Occasionally I see the $\mp$ symbol, but I don't really know what it is for, except in conjunction with the $\pm$ symbol thus: $a \pm b \mp c$ which (I believe) means $a+b-c$ or $a-b+c$ (please correct me if I am wrong). Is there any other mathematical usage for the $\mp$ symbol, particularly on its own ?

Solution 1:

$\mp$ really only has a use when written in the same expressions as $\pm$.

The one that comes to mind is $\cos (\alpha \pm \beta) = \cos \alpha \cos \beta \mp \sin \alpha \sin \beta$.

But I suppose if you really wanted to, you could write things like $\sin(\alpha \mp \beta) = \sin \alpha \cos \beta \mp \cos \alpha \sin \beta$... if you really wanted to.

On a more humorous vein, it wouldn't surprise me if someone overloaded the symbol to have a different meaning too.

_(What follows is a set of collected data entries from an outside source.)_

Lemma sign_pattern_table :
  [/\ all (fun s => admissible 7 s ==> (Nmon_lb s == 17) && (Nmon_ub s == 17))%N sign_patterns,
      ~~ has (admissible 8) sign_patterns, ~~ has (admissible 9) sign_patterns,
      all (fun s => admissible 10 s ==> (29 <= Nmon_lb s) && (Nmon_ub s <= 30))%N sign_patterns &
      all (fun s => admissible 11 s ==> (31 <= Nmon_lb s))%N sign_patterns].
Proof. by split; vm_compute. Qed.

Unset Implicit Arguments.

Theorem proposition5p1 (R : rcfType) (eta : complex R)
    (Heta : 7.-primitive_root eta) (G : {mpoly R[3]}) :
  special eta G ->
  [/\ tdeg G = 7%N -> Nmon G = 17%N,
      tdeg G <> 8%N,
      tdeg G <> 9%N,
      tdeg G = 10%N -> Nmon G = 29%N \/ Nmon G = 30%N &
      tdeg G = 11%N -> (31 <= Nmon G)%N].
Proof.
move=> spG; have [t7 t8 t9 t10 t11] := sign_pattern_table.
have pattern := special_sign_pattern Heta spG.
split=> /pattern /(_ isT) [s_ps adm /andP[lb ub]].
- have /andP[/eqP lo /eqP hi] := implyP (allP t7 _ s_ps) adm; lia.
- by move/hasP: t8; apply; exists [seq sgz x | x <- family_params G].
- by move/hasP: t9; apply; exists [seq sgz x | x <- family_params G].
- have /andP[lo hi] := implyP (allP t10 _ s_ps) adm; lia.
- have lo := implyP (allP t11 _ s_ps) adm; lia.
Qed.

Most likely someone like Conway (as in, Combinatorial Game Theory Conway, not Complex Analysis Conway), who thought $+_n$ was a perfectly good name for a state of a game (not an operation).

an aside

On a non-mathematical note, $\pm$ denotes an advantageous position for white in chess. $\mp$ denotes a position for black.

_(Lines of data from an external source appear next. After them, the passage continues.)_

(* Let $U\subset\mathbb{R}^3$ be open with coordinates $(p_1,p_2,p_3)$, let $\lambda_1,\lambda_2,\lambda_3$ be smooth real functions of one real variable, and let $f\colon U\to\mathbb{R}$ be smooth. For $\lambda\in\mathbb{R}$ define the $1$-form $$\alpha_\lambda=(\lambda-\lambda_2(p_2))(\lambda-\lambda_3(p_3))f_1dp_1+(\lambda-\lambda_1(p_1))(\lambda-\lambda_3(p_3))f_2dp_2+(\lambda-\lambda_1(p_1))(\lambda-\lambda_2(p_2))f_3dp_3 .$$ Then $\alpha_\lambda\wedge d\alpha_\lambda=0$ for all $\lambda\in\mathbb{R}$ if and only if $$(\lambda_2(p_2)-\lambda_3(p_3))f_1f_{23}+(\lambda_3(p_3)-\lambda_1(p_1))f_2f_{13}+(\lambda_1(p_1)-\lambda_2(p_2))f_3f_{12}=0\quad\text{on }U.$$
   Context: $f_i=\partial f/\partial p_i$, $f_{ij}=\partial^2f/\partial p_i\partial p_j$; each $\lambda_i$ depends only on the coordinate $p_i$. *)

From Stdlib Require Import Reals.
Open Scope R_scope.

(* Open subsets of R^3 (box neighbourhoods, equivalent to Euclidean balls). *)
Definition is_open3 (U : R -> R -> R -> Prop) : Prop :=
  forall x y z, U x y z ->
    exists eps, 0 < eps /\
      forall a b c, Rabs (a - x) < eps -> Rabs (b - y) < eps ->
                    Rabs (c - z) < eps -> U a b c.

Definition continuous_on3 (U : R -> R -> R -> Prop) (g : R -> R -> R -> R) : Prop :=
  forall x y z, U x y z -> forall eps, 0 < eps ->
    exists del, 0 < del /\
      forall a b c, Rabs (a - x) < del -> Rabs (b - y) < del ->
                    Rabs (c - z) < del -> Rabs (g a b c - g x y z) < eps.

Inductive coord : Type := P1 | P2 | P3.

Definition pd (i : coord) (g : R -> R -> R -> R) (x y z l : R) : Prop :=
  match i with
  | P1 => derivable_pt_lim (fun t => g t y z) x l
  | P2 => derivable_pt_lim (fun t => g x t z) y l
  | P3 => derivable_pt_lim (fun t => g x y t) z l
  end.

CoInductive smooth_on3 (U : R -> R -> R -> Prop) (g : R -> R -> R -> R) : Prop :=
  smooth_on3_intro :
    continuous_on3 U g ->
    (forall i : coord, exists gi : R -> R -> R -> R,
        (forall x y z, U x y z -> pd i g x y z (gi x y z)) /\ smooth_on3 U gi) ->
    smooth_on3 U g.

CoInductive smooth1 (g : R -> R) : Prop :=
  smooth1_intro :
    forall g' : R -> R, (forall x, derivable_pt_lim g x (g' x)) -> smooth1 g' ->
    smooth1 g.

(* For a 1-form a1 dp1 + a2 dp2 + a3 dp3 on U, the condition  alpha /\ d alpha = 0
   on U, written in coordinates: the dp1^dp2^dp3 coefficient of alpha /\ d alpha is
     a1 (d2 a3 - d3 a2) - a2 (d1 a3 - d3 a1) + a3 (d1 a2 - d2 a1),
   where d_j a_i denotes the partial derivative of a_i w.r.t. p_j. *)
Definition wedge_d_zero (U : R -> R -> R -> Prop) (a1 a2 a3 : R -> R -> R -> R) : Prop :=
  forall x y z, U x y z ->
  forall d12 d13 d21 d23 d31 d32 : R,
    pd P2 a1 x y z d12 -> pd P3 a1 x y z d13 ->
    pd P1 a2 x y z d21 -> pd P3 a2 x y z d23 ->
    pd P1 a3 x y z d31 -> pd P2 a3 x y z d32 ->
    a1 x y z * (d32 - d23) - a2 x y z * (d31 - d13) + a3 x y z * (d21 - d12) = 0.

Definition alpha1 (l1 l2 l3 : R -> R) (f1 : R -> R -> R -> R) (lam : R) :=
  fun x y z => (lam - l2 y) * (lam - l3 z) * f1 x y z.
Definition alpha2 (l1 l2 l3 : R -> R) (f2 : R -> R -> R -> R) (lam : R) :=
  fun x y z => (lam - l1 x) * (lam - l3 z) * f2 x y z.
Definition alpha3 (l1 l2 l3 : R -> R) (f3 : R -> R -> R -> R) (lam : R) :=
  fun x y z => (lam - l1 x) * (lam - l2 y) * f3 x y z.

(* The condition alpha_lambda /\ d alpha_lambda = 0 is a single coefficient of dp1 /\ dp2 /\ dp3.
   Expanding it, the terms carrying the derivatives of the lambda_i cancel, and once the mixed
   partials of f are known to commute (Schwarz's theorem, obtained from two mean value theorems
   applied to the second difference) the coefficient factors as
   -(lambda - lambda_1)(lambda - lambda_2)(lambda - lambda_3) times the expression of the statement.
   Choosing lambda away from the three values lambda_i shows that the expression must vanish. *)

From Stdlib Require Import Reals Lra.
Open Scope R_scope.

Lemma Rabs_minus_diag_lt (w d : R) : 0 < d -> Rabs (w - w) < d.
Proof. intro Hd. rewrite Rminus_diag, Rabs_R0. exact Hd. Qed.

Lemma Rabs_minus_lt_of_interval (c s h d : R) : h < d -> c <= s <= c + h -> Rabs (s - c) < d.
Proof. intros Hhd Hs. rewrite Rabs_right; lra. Qed.

Lemma derivable_pt_lim_locally_eq (f g : R -> R) (x l r : R) : 0 < r ->
  (forall t, Rabs (t - x) < r -> f t = g t) ->
  derivable_pt_lim g x l -> derivable_pt_lim f x l.
Proof.
  intros Hr Heq Hg eps Heps. destruct (Hg eps Heps) as [d Hd].
  assert (Hm : 0 < Rmin d r) by (apply Rmin_pos; [apply cond_pos | exact Hr]).
  exists (mkposreal _ Hm). intros h Hh0 Hh. simpl in Hh.
  rewrite !Heq.
  - apply Hd; [exact Hh0 | eapply Rlt_le_trans; [exact Hh | apply Rmin_l]].
  - apply Rabs_minus_diag_lt, Hr.
  - replace (x + h - x) with h by ring. eapply Rlt_le_trans; [exact Hh | apply Rmin_r].
Qed.

Lemma derivable_pt_lim_factor_l (L F : R -> R) (lam K t L' F' : R) :
  derivable_pt_lim L t L' -> derivable_pt_lim F t F' ->
  derivable_pt_lim (fun u => (lam - L u) * K * F u) t
    (- L' * K * F t + (lam - L t) * K * F').
Proof.
  intros HL HF.
  pose proof (derivable_pt_lim_mult _ _ t _ _
    (derivable_pt_lim_mult _ _ t _ _
       (derivable_pt_lim_minus _ _ t _ _ (derivable_pt_lim_const lam t) HL)
       (derivable_pt_lim_const K t)) HF) as H.
  unfold mult_fct, minus_fct, fct_cte in H.
  replace (- L' * K * F t + (lam - L t) * K * F')
    with (((0 - L') * K + (lam - L t) * 0) * F t + (lam - L t) * K * F') by ring.
  exact H.
Qed.

Lemma derivable_pt_lim_factor_r (L F : R -> R) (lam K t L' F' : R) :
  derivable_pt_lim L t L' -> derivable_pt_lim F t F' ->
  derivable_pt_lim (fun u => K * (lam - L u) * F u) t
    (K * - L' * F t + K * (lam - L t) * F').
Proof.
  intros HL HF.
  pose proof (derivable_pt_lim_mult _ _ t _ _
    (derivable_pt_lim_mult _ _ t _ _ (derivable_pt_lim_const K t)
       (derivable_pt_lim_minus _ _ t _ _ (derivable_pt_lim_const lam t) HL)) HF) as H.
  unfold mult_fct, minus_fct, fct_cte in H.
  replace (K * - L' * F t + K * (lam - L t) * F')
    with ((0 * (lam - L t) + K * (0 - L')) * F t + K * (lam - L t) * F') by ring.
  exact H.
Qed.

Lemma pd_unique (i : coord) (g : R -> R -> R -> R) (x y z l l' : R) :
  pd i g x y z l -> pd i g x y z l' -> l = l'.
Proof. destruct i; apply uniqueness_limite. Qed.

Lemma pd_eq_on (U : R -> R -> R -> Prop) (F G : R -> R -> R -> R) (i : coord) (x y z l : R) :
  is_open3 U -> (forall a b c, U a b c -> F a b c = G a b c) ->
  U x y z -> pd i G x y z l -> pd i F x y z l.
Proof.
  intros HO Heq HU. destruct (HO x y z HU) as [r [Hr Hbox]].
  destruct i; apply derivable_pt_lim_locally_eq with r; try exact Hr;
    intros t Ht; apply Heq, Hbox; auto using Rabs_minus_diag_lt.
Qed.

Lemma second_difference_mvt (g g1 g12 : R -> R -> R) (x y h : R) : 0 < h ->
  (forall s t, x <= s <= x + h -> y <= t <= y + h ->
     derivable_pt_lim (fun u => g u t) s (g1 s t)) ->
  (forall s t, x <= s <= x + h -> y <= t <= y + h ->
     derivable_pt_lim (fun u => g1 s u) t (g12 s t)) ->
  exists s t, x <= s <= x + h /\ y <= t <= y + h /\
    g (x + h) (y + h) - g (x + h) y - g x (y + h) + g x y = g12 s t * (h * h).
Proof.
  intros Hh Hg1 Hg12.
  destruct (MVT_cor2 (fun s => g s (y + h) - g s y) (fun s => g1 s (y + h) - g1 s y) x (x + h))
    as [s [Es Hs]].
  { lra. }
  { intros c Hc. apply derivable_pt_lim_minus; apply Hg1; lra. }
  destruct (MVT_cor2 (g1 s) (g12 s) y (y + h)) as [t [Et Ht]].
  { lra. }
  { intros c Hc. apply Hg12; lra. }
  exists s, t. split; [lra|]. split; [lra|].
  replace (x + h - x) with h in Es by ring. replace (y + h - y) with h in Et by ring.
  rewrite <- Rmult_assoc, <- Et. lra.
Qed.

Definition continuous_at2 (h : R -> R -> R) (x y : R) : Prop :=
  forall eps, 0 < eps -> exists del, 0 < del /\
    forall s t, Rabs (s - x) < del -> Rabs (t - y) < del -> Rabs (h s t - h x y) < eps.

Lemma schwarz (g g1 g2 g12 g21 : R -> R -> R) (x y r : R) : 0 < r ->
  (forall s t, Rabs (s - x) < r -> Rabs (t - y) < r ->
     derivable_pt_lim (fun u => g u t) s (g1 s t)) ->
  (forall s t, Rabs (s - x) < r -> Rabs (t - y) < r ->
     derivable_pt_lim (fun u => g s u) t (g2 s t)) ->
  (forall s t, Rabs (s - x) < r -> Rabs (t - y) < r ->
     derivable_pt_lim (fun u => g1 s u) t (g12 s t)) ->
  (forall s t, Rabs (s - x) < r -> Rabs (t - y) < r ->
     derivable_pt_lim (fun u => g2 u t) s (g21 s t)) ->
  continuous_at2 g12 x y -> continuous_at2 g21 x y -> g12 x y = g21 x y.
Proof.
  intros Hr Hg1 Hg2 Hg12 Hg21 C12 C21.
  apply cond_eq. intros eps Heps.
  destruct (C12 (eps / 2)) as [d1 [Hd1 Hc1]]; [lra|].
  destruct (C21 (eps / 2)) as [d2 [Hd2 Hc2]]; [lra|].
  assert (Hh : exists h, 0 < h /\ h < r /\ h < d1 /\ h < d2).
  { exists (Rmin r (Rmin d1 d2) / 2).
    pose proof (Rmin_l r (Rmin d1 d2)); pose proof (Rmin_r r (Rmin d1 d2)).
    pose proof (Rmin_l d1 d2); pose proof (Rmin_r d1 d2).
    assert (0 < Rmin r (Rmin d1 d2)) by (repeat apply Rmin_pos; assumption).
    lra. }
  destruct Hh as [h [Hh0 [Hhr [Hh1 Hh2]]]].
  destruct (second_difference_mvt g g1 g12 x y h Hh0) as [s [t [Hs [Ht E12]]]].
  { intros s t Hs Ht. apply Hg1; apply (Rabs_minus_lt_of_interval _ _ h); lra. }
  { intros s t Hs Ht. apply Hg12; apply (Rabs_minus_lt_of_interval _ _ h); lra. }
  (* Transposing g expands the same second difference in the other order. *)
  destruct (second_difference_mvt (fun s t => g t s) (fun s t => g2 t s) (fun s t => g21 t s)
              y x h Hh0) as [t' [s' [Ht' [Hs' E21]]]].
  { intros t' s' Ht' Hs'. apply Hg2; apply (Rabs_minus_lt_of_interval _ _ h); lra. }
  { intros t' s' Ht' Hs'. apply Hg21; apply (Rabs_minus_lt_of_interval _ _ h); lra. }
  assert (Heq : g12 s t = g21 s' t').
  { apply Rmult_eq_reg_r with (h * h); [lra | apply Rgt_not_eq, Rmult_lt_0_compat; lra]. }
  assert (W1 : Rabs (g12 s t - g12 x y) < eps / 2)
    by (apply Hc1; apply (Rabs_minus_lt_of_interval _ _ h); lra).
  assert (W2 : Rabs (g21 s' t' - g21 x y) < eps / 2)
    by (apply Hc2; apply (Rabs_minus_lt_of_interval _ _ h); lra).
  apply Rabs_def2 in W1, W2. apply Rabs_def1; lra.
Qed.

Lemma continuous_on3_slices (U : R -> R -> R -> Prop) (k : R -> R -> R -> R) (x y z : R) :
  continuous_on3 U k -> U x y z ->
  continuous_at2 (fun s t => k s t z) x y /\ continuous_at2 (fun s t => k s y t) x z /\
  continuous_at2 (fun s t => k x s t) y z.
Proof.
  intros Ck HU.
  split; [|split]; intros eps Heps; destruct (Ck x y z HU eps Heps) as [d [Hd Hc]];
    exists d; split; try exact Hd; intros s t Hs Ht; apply Hc; auto using Rabs_minus_diag_lt.
Qed.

If we really go for it, $\mp$ looks like (干) wiki page, which means 'to dry' in Japanese and might mean 'to do' in Mandarin. $\pm$ looks like (士)wiki page, which might mean 'gentleman' in Japanese and is used in the symbols for doctorate and doctor's thesis.

Solution 2:

You are correct; $\mp$ only makes sense in a formula that already has $\pm$.

One simple and useful example is that when $x$ is small, ${1\over{1\pm x}}\approx 1\mp x$.

Solution 3:

Like the other answerer, I've only seen it used in the same line as a $\pm$, to mean "positive when the other term is negative and negative when the other term is positive." So, for instance, if we were to say

$\pm a = \mp b$

that would imply that

$ a = -b $

and

$ -a = b $